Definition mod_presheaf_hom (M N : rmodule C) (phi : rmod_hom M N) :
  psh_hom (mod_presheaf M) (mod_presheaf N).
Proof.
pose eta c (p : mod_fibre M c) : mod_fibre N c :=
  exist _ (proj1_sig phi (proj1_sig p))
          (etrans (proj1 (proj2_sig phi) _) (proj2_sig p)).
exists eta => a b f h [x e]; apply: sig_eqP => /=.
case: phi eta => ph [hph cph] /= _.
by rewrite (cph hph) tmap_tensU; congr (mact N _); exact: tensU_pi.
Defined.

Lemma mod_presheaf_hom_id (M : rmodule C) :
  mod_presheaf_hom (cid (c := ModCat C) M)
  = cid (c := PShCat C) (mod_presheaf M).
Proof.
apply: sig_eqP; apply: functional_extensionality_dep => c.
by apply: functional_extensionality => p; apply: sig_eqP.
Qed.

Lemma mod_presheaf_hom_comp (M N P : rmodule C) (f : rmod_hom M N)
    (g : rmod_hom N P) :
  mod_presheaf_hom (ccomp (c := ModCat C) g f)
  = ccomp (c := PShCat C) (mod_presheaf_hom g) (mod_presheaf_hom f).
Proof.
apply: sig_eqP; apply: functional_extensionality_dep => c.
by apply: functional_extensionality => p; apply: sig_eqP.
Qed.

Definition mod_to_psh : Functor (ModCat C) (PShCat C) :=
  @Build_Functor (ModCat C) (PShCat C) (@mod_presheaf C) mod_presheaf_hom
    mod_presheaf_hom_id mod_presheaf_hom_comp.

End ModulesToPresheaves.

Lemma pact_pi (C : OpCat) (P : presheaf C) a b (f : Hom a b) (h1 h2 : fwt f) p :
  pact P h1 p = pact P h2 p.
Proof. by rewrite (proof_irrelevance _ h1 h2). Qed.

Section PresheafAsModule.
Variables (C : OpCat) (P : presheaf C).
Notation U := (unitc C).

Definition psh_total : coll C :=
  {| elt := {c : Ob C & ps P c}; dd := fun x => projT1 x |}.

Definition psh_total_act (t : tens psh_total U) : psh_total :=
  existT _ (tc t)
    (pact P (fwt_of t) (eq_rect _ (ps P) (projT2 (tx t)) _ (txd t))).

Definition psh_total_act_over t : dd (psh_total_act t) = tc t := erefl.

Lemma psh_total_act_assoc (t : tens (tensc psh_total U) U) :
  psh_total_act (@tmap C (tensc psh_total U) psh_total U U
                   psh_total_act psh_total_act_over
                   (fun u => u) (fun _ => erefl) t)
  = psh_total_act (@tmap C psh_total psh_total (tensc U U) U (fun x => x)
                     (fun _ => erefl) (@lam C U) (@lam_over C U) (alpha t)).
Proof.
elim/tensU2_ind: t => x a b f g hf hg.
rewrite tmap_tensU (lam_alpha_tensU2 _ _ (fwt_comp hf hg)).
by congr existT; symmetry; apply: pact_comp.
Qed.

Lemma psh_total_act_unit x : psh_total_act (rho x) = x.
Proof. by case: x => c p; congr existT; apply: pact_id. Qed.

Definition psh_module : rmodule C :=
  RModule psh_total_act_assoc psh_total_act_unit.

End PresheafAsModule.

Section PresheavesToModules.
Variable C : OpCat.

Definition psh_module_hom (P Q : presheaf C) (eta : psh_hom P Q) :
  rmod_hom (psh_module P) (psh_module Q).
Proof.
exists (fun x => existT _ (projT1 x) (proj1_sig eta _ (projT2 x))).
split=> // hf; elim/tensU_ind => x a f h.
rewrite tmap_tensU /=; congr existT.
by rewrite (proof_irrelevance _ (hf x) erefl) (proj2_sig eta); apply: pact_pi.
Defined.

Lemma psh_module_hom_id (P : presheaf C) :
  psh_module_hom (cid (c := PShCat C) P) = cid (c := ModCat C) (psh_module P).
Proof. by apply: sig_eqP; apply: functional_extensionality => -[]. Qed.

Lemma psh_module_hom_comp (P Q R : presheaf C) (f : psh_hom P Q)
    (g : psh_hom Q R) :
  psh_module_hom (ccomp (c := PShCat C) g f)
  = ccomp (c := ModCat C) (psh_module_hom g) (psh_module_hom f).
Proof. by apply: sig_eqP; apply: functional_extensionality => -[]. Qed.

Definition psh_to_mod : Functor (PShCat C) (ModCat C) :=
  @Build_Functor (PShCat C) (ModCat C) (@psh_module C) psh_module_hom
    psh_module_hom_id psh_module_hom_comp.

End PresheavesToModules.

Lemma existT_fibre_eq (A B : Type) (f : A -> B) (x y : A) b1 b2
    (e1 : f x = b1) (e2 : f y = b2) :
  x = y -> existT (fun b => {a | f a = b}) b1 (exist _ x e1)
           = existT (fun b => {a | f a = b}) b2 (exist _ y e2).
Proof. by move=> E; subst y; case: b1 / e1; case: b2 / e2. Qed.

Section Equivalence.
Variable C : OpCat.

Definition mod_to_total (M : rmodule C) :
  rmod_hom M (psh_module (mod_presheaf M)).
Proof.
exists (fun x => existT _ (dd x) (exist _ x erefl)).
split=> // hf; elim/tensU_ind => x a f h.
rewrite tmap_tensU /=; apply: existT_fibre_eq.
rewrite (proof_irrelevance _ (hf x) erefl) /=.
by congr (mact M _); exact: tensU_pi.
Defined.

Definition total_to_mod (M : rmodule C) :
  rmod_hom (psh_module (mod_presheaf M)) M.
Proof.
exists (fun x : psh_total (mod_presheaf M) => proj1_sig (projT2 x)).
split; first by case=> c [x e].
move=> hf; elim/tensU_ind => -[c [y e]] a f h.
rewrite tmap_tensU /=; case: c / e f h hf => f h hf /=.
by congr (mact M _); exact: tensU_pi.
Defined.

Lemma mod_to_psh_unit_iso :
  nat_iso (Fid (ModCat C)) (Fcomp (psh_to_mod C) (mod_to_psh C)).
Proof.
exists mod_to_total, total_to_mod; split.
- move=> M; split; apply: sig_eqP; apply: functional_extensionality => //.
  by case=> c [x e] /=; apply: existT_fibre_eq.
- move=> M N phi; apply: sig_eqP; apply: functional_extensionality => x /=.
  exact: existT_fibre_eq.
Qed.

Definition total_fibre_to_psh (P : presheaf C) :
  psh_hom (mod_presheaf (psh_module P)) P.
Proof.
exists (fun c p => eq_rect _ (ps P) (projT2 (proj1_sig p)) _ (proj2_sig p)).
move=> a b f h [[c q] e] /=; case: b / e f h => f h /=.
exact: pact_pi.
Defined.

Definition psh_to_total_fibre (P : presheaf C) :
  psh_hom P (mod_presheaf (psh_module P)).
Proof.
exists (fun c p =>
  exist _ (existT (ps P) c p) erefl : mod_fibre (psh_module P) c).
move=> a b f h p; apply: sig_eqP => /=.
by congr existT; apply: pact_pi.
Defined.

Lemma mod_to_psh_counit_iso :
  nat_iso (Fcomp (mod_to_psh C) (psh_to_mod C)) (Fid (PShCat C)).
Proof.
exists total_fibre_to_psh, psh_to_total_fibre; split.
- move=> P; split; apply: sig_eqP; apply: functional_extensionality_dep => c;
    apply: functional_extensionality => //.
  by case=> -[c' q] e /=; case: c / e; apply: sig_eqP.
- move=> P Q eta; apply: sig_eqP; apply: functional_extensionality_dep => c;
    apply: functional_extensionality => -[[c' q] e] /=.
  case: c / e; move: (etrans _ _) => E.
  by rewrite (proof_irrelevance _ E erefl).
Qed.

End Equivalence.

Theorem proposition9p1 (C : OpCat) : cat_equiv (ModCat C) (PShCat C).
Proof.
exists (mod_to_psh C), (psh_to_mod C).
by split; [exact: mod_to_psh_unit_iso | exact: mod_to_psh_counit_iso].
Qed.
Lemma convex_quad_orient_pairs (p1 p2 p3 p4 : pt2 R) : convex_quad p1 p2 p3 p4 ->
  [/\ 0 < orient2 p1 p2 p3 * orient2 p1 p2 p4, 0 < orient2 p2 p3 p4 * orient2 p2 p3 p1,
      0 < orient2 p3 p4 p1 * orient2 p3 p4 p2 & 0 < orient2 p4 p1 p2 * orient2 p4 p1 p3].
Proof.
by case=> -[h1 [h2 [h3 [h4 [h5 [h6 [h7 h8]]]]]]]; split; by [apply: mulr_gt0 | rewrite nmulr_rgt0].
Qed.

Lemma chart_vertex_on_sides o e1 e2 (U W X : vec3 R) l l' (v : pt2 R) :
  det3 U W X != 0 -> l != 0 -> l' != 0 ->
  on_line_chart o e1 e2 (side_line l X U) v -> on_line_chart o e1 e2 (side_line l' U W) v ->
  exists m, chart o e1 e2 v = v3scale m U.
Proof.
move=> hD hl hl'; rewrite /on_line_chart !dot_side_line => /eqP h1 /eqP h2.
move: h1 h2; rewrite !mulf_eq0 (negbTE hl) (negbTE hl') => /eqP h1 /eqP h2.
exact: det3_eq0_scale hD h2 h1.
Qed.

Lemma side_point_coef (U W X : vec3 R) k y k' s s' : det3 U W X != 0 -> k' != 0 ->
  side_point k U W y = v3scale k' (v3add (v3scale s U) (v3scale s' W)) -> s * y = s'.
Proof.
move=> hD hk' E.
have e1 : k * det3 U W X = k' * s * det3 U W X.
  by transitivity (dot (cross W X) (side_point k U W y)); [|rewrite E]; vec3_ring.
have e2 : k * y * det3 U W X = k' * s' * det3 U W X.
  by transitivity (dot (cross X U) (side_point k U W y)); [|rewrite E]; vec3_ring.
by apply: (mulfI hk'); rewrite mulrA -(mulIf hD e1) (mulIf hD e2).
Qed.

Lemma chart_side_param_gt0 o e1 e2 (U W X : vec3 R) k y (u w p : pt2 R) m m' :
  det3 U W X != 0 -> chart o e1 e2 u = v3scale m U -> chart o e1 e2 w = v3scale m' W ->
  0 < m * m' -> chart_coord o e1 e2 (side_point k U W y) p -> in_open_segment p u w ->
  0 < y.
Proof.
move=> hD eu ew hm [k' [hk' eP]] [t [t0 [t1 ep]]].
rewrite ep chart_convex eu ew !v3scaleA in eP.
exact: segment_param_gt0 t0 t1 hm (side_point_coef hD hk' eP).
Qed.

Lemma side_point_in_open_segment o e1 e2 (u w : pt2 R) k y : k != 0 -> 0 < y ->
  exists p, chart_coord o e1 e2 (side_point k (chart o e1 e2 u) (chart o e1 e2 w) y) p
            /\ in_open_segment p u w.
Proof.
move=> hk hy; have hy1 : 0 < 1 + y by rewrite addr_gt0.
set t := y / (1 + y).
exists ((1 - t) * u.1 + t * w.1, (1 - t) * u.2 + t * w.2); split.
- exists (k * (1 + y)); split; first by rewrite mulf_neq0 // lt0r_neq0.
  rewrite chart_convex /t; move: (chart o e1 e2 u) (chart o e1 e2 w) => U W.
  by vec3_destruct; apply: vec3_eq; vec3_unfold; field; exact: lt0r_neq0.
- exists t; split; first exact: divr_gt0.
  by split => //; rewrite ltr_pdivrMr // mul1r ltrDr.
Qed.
******
Begin with the line above that has "pact P h1 p = pact P h2 p." and continue through the line that has "(pact P (fwt_of", setting each one down exactly. Stop there.

  pact P h1 p = pact P h2 p.
Proof. by rewrite (proof_irrelevance _ h1 h2). Qed.

Section PresheafAsModule.
Variables (C : OpCat) (P : presheaf C).
Notation U := (unitc C).

Definition psh_total : coll C :=
  {| elt := {c : Ob C & ps P c}; dd := fun x => projT1 x |}.

Definition psh_total_act (t : tens psh_total U) : psh_total :=
  existT _ (tc t)
    (pact P (fwt_of t) (eq_rect _ (ps P) (projT2 (tx t)) _ (txd t))).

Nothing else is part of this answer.